A few years later, I hadn’t thought much more about a career but had nearly completed degrees in English literature and human biology. I was driven less by achievement than by trying to understand, in earnest: What makes human life meaningful? I still felt literature provided the best account of the life of the mind, while neuroscience laid down the most elegant rules of the brain. Meaning, while a slippery concept, seemed inextricable from human relationships and moral values. T.S. Eliot’s The Waste Land resonated profoundly, relating meaning-lessness and isolation, and the desperate quest for human connection. I found Eliot’s metaphors leaking into my own language. Other authors resonated as well. Nabokov, for his awareness of how our suffering can make us callous to the obvious suffering of another. Conrad, for his hypertuned sense of how miscommunication between people can so profoundly impact their lives. Literature not only illuminated another’s experience, it provided, I believed, the richest material for moral reflection. My brief forays into the formal ethics of analytic philosophy felt dry as a bone, missing the messiness and weight of real human life.
大學(xué)生涯中,我對(duì)人生意義進(jìn)行的研究,一直非常學(xué)術(shù),如同僧侶修道。而形成這種意義的,恰恰是人與人之間的關(guān)系,我想要去建立和加強(qiáng)這種關(guān)系,就和我的研究方式發(fā)生了沖突。如果說(shuō)沒(méi)有自省的人生不值得過(guò),那么沒(méi)有真正活過(guò)的人生還值得自省嗎?大二的暑假快到了,我申請(qǐng)了兩份工作:一個(gè)是在科學(xué)氛圍濃厚的亞特蘭大國(guó)家靈長(zhǎng)類(lèi)研究中心做實(shí)習(xí)研究員;一個(gè)是在塞拉高山營(yíng)廚房打下手。塞拉高山營(yíng)是一個(gè)斯坦福校友的家庭度假營(yíng)地,在原始高山湖落葉湖的岸邊,緊臨埃爾多拉多國(guó)家森林公園的荒蕪原野保護(hù)區(qū),可以飽覽荒涼空曠之美。關(guān)于這個(gè)營(yíng)地,有很多文學(xué)描寫(xiě),看上去我會(huì)度過(guò)一生中最棒的暑假。說(shuō)實(shí)話,申請(qǐng)成功的時(shí)候,我真是受寵若驚。不過(guò),我又了解到,獼猴已經(jīng)有了初級(jí)的文化形式,這讓我十分想去靈長(zhǎng)類(lèi)研究中心一探生命意義的自然起源。換句話說(shuō),我要么去研究生命的意義,要么就去親自經(jīng)歷和體驗(yàn)生命的意義。

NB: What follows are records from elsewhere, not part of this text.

Lemma eq_subst_xyz fx fy fz gx gy gz :
  fx =1 gx -> fy =1 gy -> fz =1 gz -> subst_xyz fx fy fz =1 subst_xyz gx gy gz.
Proof.
move=> ex ey ez p; congr (p \mPo _); apply: eq_from_tnth => j.
by rewrite !tnth_mktuple; case: (split j) => [j'|i] //; case: (split j').
Qed.

Lemma comp_subst_xyz l N (fx fy fz : 'I_n -> {mpoly C[l]})
    (u : l.-tuple {mpoly C[N]}) p :
  subst_xyz fx fy fz p \mPo u =
  subst_xyz (fun i => fx i \mPo u) (fun i => fy i \mPo u)
    (fun i => fz i \mPo u) p.
Proof.
rewrite /subst_xyz comp_mpolyA; congr (p \mPo _); apply: eq_from_tnth => j.
by rewrite !tnth_mktuple; case: (split j) => [j'|i] //; case: (split j').
Qed.

Lemma subst_xyz_comp (fx fy fz : 'I_n -> {mpoly C[n + n + n]}) gx gy gz p :
  subst_xyz gx gy gz (subst_xyz fx fy fz p) =
  subst_xyz (fun i => subst_xyz gx gy gz (fx i))
    (fun i => subst_xyz gx gy gz (fy i)) (fun i => subst_xyz gx gy gz (fz i)) p.
Proof. exact: comp_subst_xyz. Qed.

Lemma subst_XY_comp (fx fy fz : 'I_n -> {mpoly C[n + n]}) fX fY p :
  subst_XY fX fY (subst_xyz fx fy fz p) =
  subst_xyz (fun i => subst_XY fX fY (fx i)) (fun i => subst_XY fX fY (fy i))
    (fun i => subst_XY fX fY (fz i)) p.
Proof. exact: comp_subst_xyz. Qed.

End Substitution.

Section Equivariance.
Variables (C : fieldType) (n r : nat) (zeta : C).
Hypothesis prim_zeta : r.-primitive_root zeta.

Lemma perm_actM (s t : 'S_n) (p : {mpoly C[n + n + n]}) :
  perm_act t (perm_act s p) = perm_act (s * t) p.
Proof.
rewrite [in LHS]/perm_act subst_xyz_comp.
apply: eq_subst_xyz => i;
  by rewrite permM ?subst_xyz_x ?subst_xyz_y ?subst_xyz_z.
Qed.

Lemma phi_perm_act (s : 'S_n) (p : {mpoly C[n + n + n]}) :
  phi r (perm_act s p) = subst_xyz (fun i => Xv C (s i) ^+ r)
    (fun i => Yv C (s i) ^+ r) (fun i => Xv C (s i) * Yv C (s i)) p.
Proof.
rewrite [in LHS]/phi /perm_act subst_xyz_comp.
by apply: eq_subst_xyz => i; rewrite ?subst_xyz_x ?subst_xyz_y ?subst_xyz_z.
Qed.

Lemma wreath_act_phi (a : 'I_n -> 'I_r) s (p : {mpoly C[n + n + n]}) :
  wreath_act zeta a s (phi r p) = subst_xyz (fun i => Xv C (s i) ^+ r)
    (fun i => Yv C (s i) ^+ r) (fun i => Xv C (s i) * Yv C (s i)) p.
Proof.
have zeta_r : zeta ^+ r = 1 := prim_expr_order prim_zeta.
have zeta_neq0 : zeta != 0.
  by rewrite (prim_root_eq0 prim_zeta) -lt0n (prim_order_gt0 prim_zeta).
rewrite [in LHS]/wreath_act /phi subst_XY_comp.
apply: eq_subst_xyz => i; rewrite ?rmorphXn ?rmorphM /=.
- by rewrite subst_XY_X exprZn -exprM mulnC exprM zeta_r expr1n scale1r.
- by rewrite subst_XY_Y exprZn -exprM mulnC exprM exprVn zeta_r invr1 expr1n
    scale1r.
- rewrite subst_XY_X subst_XY_Y -scalerAl -scalerAr scalerA -exprMn.
  by rewrite mulfV // expr1n scale1r.
Qed.

Lemma phi_equivariant (a : 'I_n -> 'I_r) s (p : {mpoly C[n + n + n]}) :
  phi r (perm_act s p) = wreath_act zeta a s (phi r p).
Proof. by rewrite phi_perm_act wreath_act_phi. Qed.

End Equivariance.

Section Exponents.
Variables (n r : nat).
Local Open Scope nat_scope.
Local Notation lx i := (lshift n (lshift n i)).
Local Notation ly i := (lshift n (rshift n i)).
Local Notation lz i := (rshift (n + n) i).
Local Notation LX i := (lshift n i).
Local Notation LY i := (rshift n i).

Definition phi_mnm (m : 'X_{1..n + n + n}) : 'X_{1..n + n} :=
  [multinom match split j with
            | inl i => r * m (lx i) + m (lz i)
            | inr i => r * m (ly i) + m (lz i) end | j < n + n].

Definition lift_mnm (m : 'X_{1..n + n}) : 'X_{1..n + n + n} :=
  [multinom match split j with
            | inl j' => match split j' with
                        | inl i => (m (LX i) - m (LY i)) %/ r
                        | inr i => (m (LY i) - m (LX i)) %/ r end
            | inr i => minn (m (LX i)) (m (LY i)) end | j < n + n + n].

Definition balanced (m : 'X_{1..n + n}) : Prop :=
  forall i, m (LX i) = m (LY i) %[mod r].

Lemma phi_mnmX m i : phi_mnm m (LX i) = r * m (lx i) + m (lz i).
Proof. by rewrite mnmE split_lshift. Qed.

Lemma phi_mnmY m i : phi_mnm m (LY i) = r * m (ly i) + m (lz i).
Proof. by rewrite mnmE split_rshift. Qed.

Lemma lift_mnm_x m i : lift_mnm m (lx i) = (m (LX i) - m (LY i)) %/ r.
Proof. by rewrite mnmE !split_lshift. Qed.

Lemma lift_mnm_y m i : lift_mnm m (ly i) = (m (LY i) - m (LX i)) %/ r.
Proof. by rewrite mnmE split_lshift split_rshift. Qed.

Lemma lift_mnm_z m i : lift_mnm m (lz i) = minn (m (LX i)) (m (LY i)).
Proof. by rewrite mnmE split_rshift. Qed.

Lemma mul_divn_subD_min u v :
  u = v %[mod r] -> r * ((u - v) %/ r) + minn u v = u.
Proof.
case: (leqP v u) => [le_vu | lt_uv] e.
  by rewrite mulnC divnK ?subnK // -eqn_mod_dvd // e.
by rewrite (eqP (ltnW lt_uv)) div0n muln0.
Qed.

Lemma phi_lift_mnm m : balanced m -> phi_mnm (lift_mnm m) = m.
Proof.
move=> bal_m; apply/mnmP => j; rewrite -(splitK j).
case: (split j) => i /=.
  by rewrite phi_mnmX lift_mnm_x lift_mnm_z mul_divn_subD_min.
by rewrite phi_mnmY lift_mnm_y lift_mnm_z minnC mul_divn_subD_min.
Qed.

Hypothesis r_gt0 : (0 < r).

Lemma divn_subMDr a b c : ((r * a + c) - (r * b + c)) %/ r = a - b.
Proof. by rewrite subnDr -mulnBr mulKn. Qed.

Lemma minn_MDr a b c : minn (r * a + c) (r * b + c) = r * minn a b + c.
Proof. by rewrite -addn_minl minnMr. Qed.

End Exponents.

Section Ideal.
Variables (C : fieldType) (n r : nat).
Local Notation lx i := (lshift n (lshift n i)).
Local Notation ly i := (lshift n (rshift n i)).
Local Notation lz i := (rshift (n + n) i).
Local Notation I := (@in_In C n r).
Implicit Types p q : {mpoly C[n + n + n]}.

Lemma in_In0 : I 0.
Proof. by exists (fun=> 0); rewrite big1 // => i _; rewrite mul0r. Qed.

Lemma in_InD p q : I p -> I q -> I (p + q).
Proof.
move=> [c ->] [c' ->]; exists (fun i => c i + c' i).
by rewrite -big_split; apply: eq_bigr => i _; rewrite mulrDl.
Qed.

Lemma in_InMl q p : I p -> I (q * p).
Proof.
move=> [c ->]; exists (fun i => q * c i).
by rewrite mulr_sumr; apply: eq_bigr => i _; rewrite mulrA.
Qed.

Lemma in_In_sum T (s : seq T) (P : pred T) (F : T -> {mpoly C[n + n + n]}) :
  (forall t, P t -> I (F t)) -> I (\sum_(t <- s | P t) F t).
Proof.
move=> IF; elim/big_rec: _ => [|t p Pt Ip]; first exact: in_In0.
exact: in_InD (IF t Pt) Ip.
Qed.

Lemma in_In_gen i : I (xv C i * yv C i - zv C i ^+ r).
Proof.
exists (fun j => (j == i)%:R); rewrite (bigD1 i) //= eqxx mul1r big1 ?addr0 //.
by move=> j /negbTE ->; rewrite mul0r.
Qed.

Throughout college, my monastic, scholarly study of human meaning would conflict with my urge to forge and strengthen the human relationships that formed that meaning. If the unexamined life was not worth living, was the unlived life worth examining? Heading into my sophomore summer, I applied for two jobs: as an intern at the highly scientific Yerkes Primate Research Center, in Atlanta, and as a prep chef at Sierra Camp, a family vacation spot for Stanford alumni on the pristine shores of Fallen Leaf Lake, abutting the stark beauty of Desolation Wilderness in Eldorado National Forest. The camp’s literature promised, simply, the best summer of your life. I was surprised and flattered to be accepted. Yet I had just learned that macaques had a rudimentary form of culture, and I was eager to go to Yerkes and see what could be the natural origin of meaning itself. In other words, I could either study meaning or I could experience it.